**BRIEF**
On how many lines of the records below does the string "realType" appear? Reply with only the number.

**GIVEN INFORMATION**
(* Consider Algorithm PDS-SPP described in the context (with an arbitrary vector $v_k$ used in the $x$-update). Suppose that $$\alpha_k^t=1,\quad\|\mathcal A\|^2\le\eta_k^{t-1}q_k^t\quad\text{for all }t\ge2,\ k\ge1,$$ $$\beta_kT_{k-1}\alpha_k^1=\beta_{k-1}T_k,\quad\alpha_k^1\|\mathcal A\|^2\le\eta_{k-1}^{T_{k-1}}q_k^1\quad\text{for all }k\ge2.$$ Let $$B=\sum_{k=1}^N\frac{\beta_k}{T_k}\sum_{t=1}^{T_k}\big[\langle\mathcal A^\top z_k^t-\mathcal A^\top z,x_k^t-\tilde u_k^t\rangle+q_k^tU(z_k^{t-1},z_k^t)+\eta_k^tV(x_k^{t-1},x_k^t)\big].$$ Then for every $z\in\mathcal Z$, $$B\ge-\frac{\beta_N}{T_N}\|\mathcal A\|\,|z_N-z|\,\|x_N-x_N^{T_N-1}\|+\frac{\beta_N\eta_N^{T_N}}{2T_N}\|x_N^{T_N-1}-x_N^{T_N}\|^2.$$
   Context: Setting. $\mathcal X$ closed convex subset of a finite-dimensional space with norm $\|\cdot\|$; $\mathcal Z$ closed convex subset of a finite-dimensional space with norm $|\cdot|$; $\mathcal A$ linear with $\|\mathcal A\|:=\sup\{\langle\mathcal Ax,z\rangle:\|x\|\le1,|z|\le1\}$; $h$ convex on $\mathcal Z$; $\mu\ge0$; $\nu$ $1$-strongly convex on $\mathcal X$ w.r.t. $\|\cdot\|$; $\zeta$ $1$-strongly convex on $\mathcal Z$ w.r.t. $|\cdot|$; $U(\hat z,z)=\zeta(z)-\zeta(\hat z)-\langle\zeta'(\hat z),z-\hat z\rangle$, $V(\hat x,x)=\nu(x)-\nu(\hat x)-\langle\nu'(\hat x),x-\hat x\rangle$. Algorithm: $x_0\in\mathcal X$, $z_0\in\mathcal Z$; for $k=1,\dots,N$, with some vector $v_k$ and positive integer $T_k$: $x_k^0=x_{k-1}$, $z_k^0=z_{k-1}$, $x_k^{-1}=x_{k-1}^{T_{k-1}-1}$ ($x_1^{-1}=x_0$); for $t=1,\dots,T_k$: $\tilde u_k^t=x_k^{t-1}+\alpha_k^t(x_k^{t-1}-x_k^{t-2})$, $z_k^t=\arg\min_{z\in\mathcal Z}h(z)+\langle-\mathcal A\tilde u_k^t,z\rangle+q_k^tU(z_k^{t-1},z)$, $x_k^t=\arg\min_{x\in\mathcal X}\mu\nu(x)+\langle v_k+\mathcal A^\top z_k^t,x\rangle+\eta_k^tV(x_k^{t-1},x)+p_kV(x_{k-1},x)$; $x_k=x_k^{T_k}$, $z_k=z_k^{T_k}$. Parameters: positive $\beta_k,q_k^t,\eta_k^t,p_k$, nonnegative $\alpha_k^t$. *)

From HB Require Import structures.
From mathcomp Require Import all_boot all_order all_algebra.
From mathcomp Require Import all_classical all_reals all_analysis.
Set Implicit Arguments. Unset Strict Implicit. Unset Printing Implicit Defensive.
Import Order.TTheory GRing.Theory Num.Theory.
Import numFieldNormedType.Exports.
Local Open Scope classical_set_scope.
Local Open Scope ring_scope.

Section Defs.
Variable R : realType.

Definition dot (n : nat) (u v : 'rV[R]_n) : R := \sum_(i < n) u 0 i * v 0 i.

Definition is_norm (n : nat) (N : 'rV[R]_n -> R) : Prop :=
  [/\ forall x y, N (x + y) <= N x + N y,
      forall (a : R) x, N (a *: x) = `|a| * N x
    & forall x, N x = 0 -> x = 0].

(* ||A|| = sup { <A x, z> : ||x|| <= 1, |z| <= 1 }, where A x := x *m A *)
Definition opnorm (n m : nat) (nx : 'rV[R]_n -> R) (nz : 'rV[R]_m -> R)
  (A : 'M[R]_(n, m)) : R :=
  sup [set r | exists x z, [/\ nx x <= 1, nz z <= 1 & r = dot (x *m A) z]].

Definition convex_set_rV (n : nat) (S : set 'rV[R]_n) : Prop :=
  forall x y (l : R), S x -> S y -> 0 <= l <= 1 -> S (l *: x + (1 - l) *: y).

Definition convex_on (n : nat) (S : set 'rV[R]_n) (f : 'rV[R]_n -> R) : Prop :=
  forall x y (l : R), S x -> S y -> 0 <= l <= 1 ->
    f (l *: x + (1 - l) *: y) <= l * f x + (1 - l) * f y.

Definition strongly_convex_on (n : nat) (S : set 'rV[R]_n) (nrm : 'rV[R]_n -> R)
  (f : 'rV[R]_n -> R) : Prop :=
  forall x y (l : R), S x -> S y -> 0 <= l <= 1 ->
    f (l *: x + (1 - l) *: y)
      <= l * f x + (1 - l) * f y - l * (1 - l) / 2 * nrm (x - y) ^+ 2.

Definition subgradient_on (n : nat) (S : set 'rV[R]_n) (f : 'rV[R]_n -> R)
  (g : 'rV[R]_n -> 'rV[R]_n) : Prop :=
  forall x y, S x -> S y -> f x + dot (g x) (y - x) <= f y.

Definition bregman (n : nat) (f : 'rV[R]_n -> R) (g : 'rV[R]_n -> 'rV[R]_n)
  (xh x : 'rV[R]_n) : R := f x - f xh - dot (g xh) (x - xh).

Definition xend (n : nat) (x : nat -> nat -> 'rV[R]_n) (x0 : 'rV[R]_n)
  (T : nat -> nat) (j : nat) : 'rV[R]_n :=
  if j is 0 then x0 else x j (T j).

(* x_k^{-1} = x_{k-1}^{T_{k-1}-1} (k >= 2), x_1^{-1} = x_0; argument is j = k-1 *)
Definition xminus1 (n : nat) (x : nat -> nat -> 'rV[R]_n) (x0 : 'rV[R]_n)
  (T : nat -> nat) (j : nat) : 'rV[R]_n :=
  if j is 0 then x0 else x j (T j).-1.

Definition xtm2 (n : nat) (x : nat -> nat -> 'rV[R]_n) (x0 : 'rV[R]_n)
  (T : nat -> nat) (k t : nat) : 'rV[R]_n :=
  if t is 1 then xminus1 x x0 T k.-1 else x k (t - 2)%N.

Definition utilde (n : nat) (x : nat -> nat -> 'rV[R]_n) (x0 : 'rV[R]_n)
  (T : nat -> nat) (alpha : nat -> nat -> R) (k t : nat) : 'rV[R]_n :=
  x k t.-1 + alpha k t *: (x k t.-1 - xtm2 x x0 T k t).

End Defs.

From HB Require Import structures.
From mathcomp Require Import all_boot all_order all_algebra.
From mathcomp Require Import all_classical all_reals all_analysis.
From mathcomp Require Import ring lra.
Import Order.TTheory GRing.Theory Num.Theory.
Import numFieldNormedType.Exports.
Local Open Scope classical_set_scope.
Local Open Scope ring_scope.

(* Put Y_k^t := <A^T (z_k^t - z), x_k^t - x_k^(t-1)> + eta_k^t/2 ||x_k^t - x_k^(t-1)||^2
   ([carry_out]) and, with d := x_k^(t-1) - x_k^(t-2),
   c_k^t := alpha_k^t <A^T (z_k^(t-1) - z), d> + (alpha_k^t ||A||)^2 / (2 q_k^t) ||d||^2
   ([carry_in]).  Since x_k^t - u_k^t = (x_k^t - x_k^(t-1)) - alpha_k^t d, bounding the
   cross term alpha_k^t <A^T (z_k^t - z_k^(t-1)), d> by ||A|| and Young's inequality, and
   the Bregman distances from below by half squared norms, each summand of B is at least
   Y_k^t - c_k^t.  The step-size conditions say exactly that c_k^t <= Y_k^(t-1) inside an
   epoch and (beta_k/T_k) c_k^1 <= (beta_(k-1)/T_(k-1)) Y_(k-1)^(T_(k-1)) across epochs,
   while c_1^1 = 0 because x_1^(-1) = x_0 = x_1^0.  Hence the weighted sum telescopes to
   B >= (beta_N/T_N) Y_N^(T_N), and bounding the pairing in Y_N^(T_N) by ||A|| concludes. *)

Set Implicit Arguments. Unset Strict Implicit. Unset Printing Implicit Defensive.

Section Dot.
Variables (R : realType) (n : nat).
Implicit Types (a : R) (u v w : 'rV[R]_n).

Lemma dotDl u v w : dot (u + v) w = dot u w + dot v w.
Proof. by rewrite /dot -big_split; apply: eq_bigr => i _; rewrite mxE mulrDl. Qed.

Lemma dotDr u v w : dot u (v + w) = dot u v + dot u w.
Proof. by rewrite /dot -big_split; apply: eq_bigr => i _; rewrite mxE mulrDr. Qed.

Lemma dotZl a u w : dot (a *: u) w = a * dot u w.
Proof. by rewrite /dot mulr_sumr; apply: eq_bigr => i _; rewrite mxE mulrA. Qed.

Lemma dotZr a u w : dot u (a *: w) = a * dot u w.
Proof. by rewrite /dot mulr_sumr; apply: eq_bigr => i _; rewrite mxE mulrCA. Qed.

Lemma dotNr u w : dot u (- w) = - dot u w.
Proof. by rewrite -scaleN1r dotZr mulN1r. Qed.

Lemma dotBr u v w : dot u (v - w) = dot u v - dot u w.
Proof. by rewrite dotDr dotNr. Qed.

Lemma dot0l w : dot 0 w = 0.
Proof. by rewrite -(scale0r 0) dotZl mul0r. Qed.

Lemma dot0r u : dot u 0 = 0.
Proof. by rewrite -(scale0r 0) dotZr mul0r. Qed.

Lemma dot_mulmx_tr m (A : 'M[R]_(n, m)) u (z : 'rV[R]_m) :
  dot (u *m A) z = dot (z *m A^T) u.
Proof.
rewrite /dot; under eq_bigr => j _ do rewrite mxE big_distrl /=.
rewrite exchange_big; apply: eq_bigr => i _.
by rewrite mxE big_distrl /=; apply: eq_bigr => j _; rewrite mxE; ring.
Qed.

End Dot.

Section Norm.
Variables (R : realType) (n : nat) (nrm : 'rV[R]_n -> R).
Hypothesis nrm_norm : is_norm nrm.

Lemma nrm0 : nrm 0 = 0.
Proof. by case: nrm_norm => _ nrmZ _; rewrite -(scale0r 0) nrmZ normr0 mul0r. Qed.

Lemma nrmN u : nrm (- u) = nrm u.
Proof. by case: nrm_norm => _ nrmZ _; rewrite -scaleN1r nrmZ normrN normr1 mul1r. Qed.

Lemma nrmB u w : nrm (u - w) = nrm (w - u).
Proof. by rewrite -nrmN opprB. Qed.

Lemma nrm_ge0 u : 0 <= nrm u.
Proof.
case: nrm_norm => nrmD _ _; have := nrmD u (- u).
by rewrite subrr nrm0 nrmN; lra.
Qed.

Lemma nrm_eq0 u : nrm u = 0 -> u = 0.
Proof. by case: nrm_norm => _ _; apply. Qed.

Lemma nrm_sum (I : Type) (r : seq I) (P : pred I) (F : I -> 'rV[R]_n) :
  nrm (\sum_(i <- r | P i) F i) <= \sum_(i <- r | P i) nrm (F i).
Proof.
case: nrm_norm => nrmD _ _.
elim/big_rec2: _ => [|i y1 y2 _ ih]; first by rewrite nrm0.
by apply: le_trans (nrmD _ _) _; rewrite lerD2l.
Qed.

Lemma nrm_le_mx_norm : exists2 K, 0 <= K & forall u, nrm u <= K * `|u|.
Proof.
case: nrm_norm => _ nrmZ _.
exists (\sum_(i < n) nrm (delta_mx 0 i)) => [|u].
  by apply: sumr_ge0 => i _; exact: nrm_ge0.
rewrite {1}(row_sum_delta u); apply: le_trans (nrm_sum _ _ _) _.
rewrite mulr_suml; apply: ler_sum => i _; rewrite nrmZ mulrC ler_wpM2l ?nrm_ge0//.
by rewrite [leRHS]mx_normrE; apply/bigmax_geP; right; exists (0, i).
Qed.

Lemma nrm_continuous : continuous nrm.
Proof.
have [K K0 nrmK] := nrm_le_mx_norm.
move=> u; apply/(@cvgrPdist_le _ _ _ (nbhs u)) => e e0.
have eK : 0 < e / (K + 1) by rewrite divr_gt0 // ltr_wpDl.
have := @near_ball _ _ u _ eK; apply: filterS => w; rewrite mx_norm_ball /= => uw.
have : `|nrm u - nrm w| <= nrm (u - w).
  case: nrm_norm => nrmD _ _; rewrite ler_norml.
  have := nrmD (w - u) u; have := nrmD (u - w) w; rewrite !subrK nrmB; lra.
move/le_trans; apply; apply: le_trans (nrmK _) _.
apply: le_trans (ler_wpM2l K0 (ltW uw)) _.
rewrite mulrA ler_pdivrMr ?ltr_wpDl // mulrDr mulr1 mulrC lerDl ltW //.
Qed.

Lemma mx_norm_le_nrm : exists2 c, 0 < c & forall u, c * `|u| <= nrm u.
Proof.
have [n0|n0] := posnP n.
  exists 1 => // u; rewrite (_ : u = 0) ?normr0 ?mulr0 ?nrm_ge0 //.
  by apply/rowP => -[i i_lt0]; exfalso; rewrite n0 in i_lt0.
pose S := [set u : 'rV[R]_n | `|u| = 1].
have unit_S u : u != 0 -> S (`|u|^-1 *: u).
  by rewrite -normr_eq0 => u0; rewrite /S /= normrZ normrV ?unitfE // normr_id mulVf.
have S0 : S !=set0.
  exists (`|delta_mx 0 (Ordinal n0) : 'rV[R]_n|^-1 *: delta_mx 0 (Ordinal n0)).
  apply: unit_S; apply/eqP => /rowP /(_ (Ordinal n0)).
  by rewrite !mxE !eqxx => /eqP; rewrite oner_eq0.
have cS : compact S.
  apply: bounded_closed_compact.
    by exists 1; split => // M M1 u; rewrite /S /= => ->; exact: ltW.
  apply: (@preimage_closed _ _ (fun u : 'rV[R]_n => `|u|) [set r | r = 1]).
    by move=> u _; exact: norm_continuous.
  exact: closed_eq.
have [c Sc minc] := EVT_min_rV S0 cS (continuous_subspaceT nrm_continuous).
have c0 : 0 < nrm c.
  rewrite lt_def nrm_ge0 andbT; apply/eqP => /nrm_eq0 c0.
  by move: Sc; rewrite inE /S /= c0 normr0 => /eqP; rewrite eq_sym oner_eq0.
exists (nrm c) => // u; have [->|u0] := eqVneq u 0.
  by rewrite normr0 mulr0 nrm_ge0.
have := minc _ (mem_set (unit_S u u0)); case: nrm_norm => _ nrmZ _.
rewrite nrmZ normrV ?unitfE ?normr_eq0 // normr_id => /(ler_wpM2l (normr_ge0 u)).
by rewrite mulrA mulfV ?normr_eq0 // mul1r mulrC.
Qed.

End Norm.

Section OperatorNorm.
Variables (R : realType) (n m : nat) (nx : 'rV[R]_n -> R) (nz : 'rV[R]_m -> R).
Variable A : 'M[R]_(n, m).
Hypotheses (nx_norm : is_norm nx) (nz_norm : is_norm nz).

Lemma opnorm_has_sup :
  has_sup [set r | exists u w, [/\ nx u <= 1, nz w <= 1 & r = dot (u *m A) w]].
Proof.
have [cx cx0 cxP] := mx_norm_le_nrm nx_norm.
have [cz cz0 czP] := mx_norm_le_nrm nz_norm.
have entry_le k c (nrm : 'rV[R]_k -> R) u i :
    0 < c -> (forall u, c * `|u| <= nrm u) -> nrm u <= 1 -> `|u 0 i| <= c^-1.
  move=> c0 cP u1; rewrite -(ler_pM2l c0) mulfV ?gt_eqF //.
  apply: le_trans u1; apply: le_trans (cP u); rewrite ler_pM2l //.
  by rewrite [leRHS]mx_normrE; apply/bigmax_geP; right; exists (0, i).
split.
  by exists 0, 0, 0; rewrite (nrm0 nx_norm) (nrm0 nz_norm) mul0mx dot0l.
exists (\sum_j \sum_i cx^-1 * `|A i j| * cz^-1) => _ [u [w [u1 w1 ->]]].
apply: ler_sum => j _; rewrite mxE big_distrl /=; apply: ler_sum => i _.
apply: le_trans (ler_norm _) _; rewrite !normrM.
by rewrite ler_pM ?mulr_ge0 ?ler_pM
  ?(entry_le _ _ _ _ _ cx0 cxP) ?(entry_le _ _ _ _ _ cz0 czP).
Qed.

**COMPLETED TASK**
4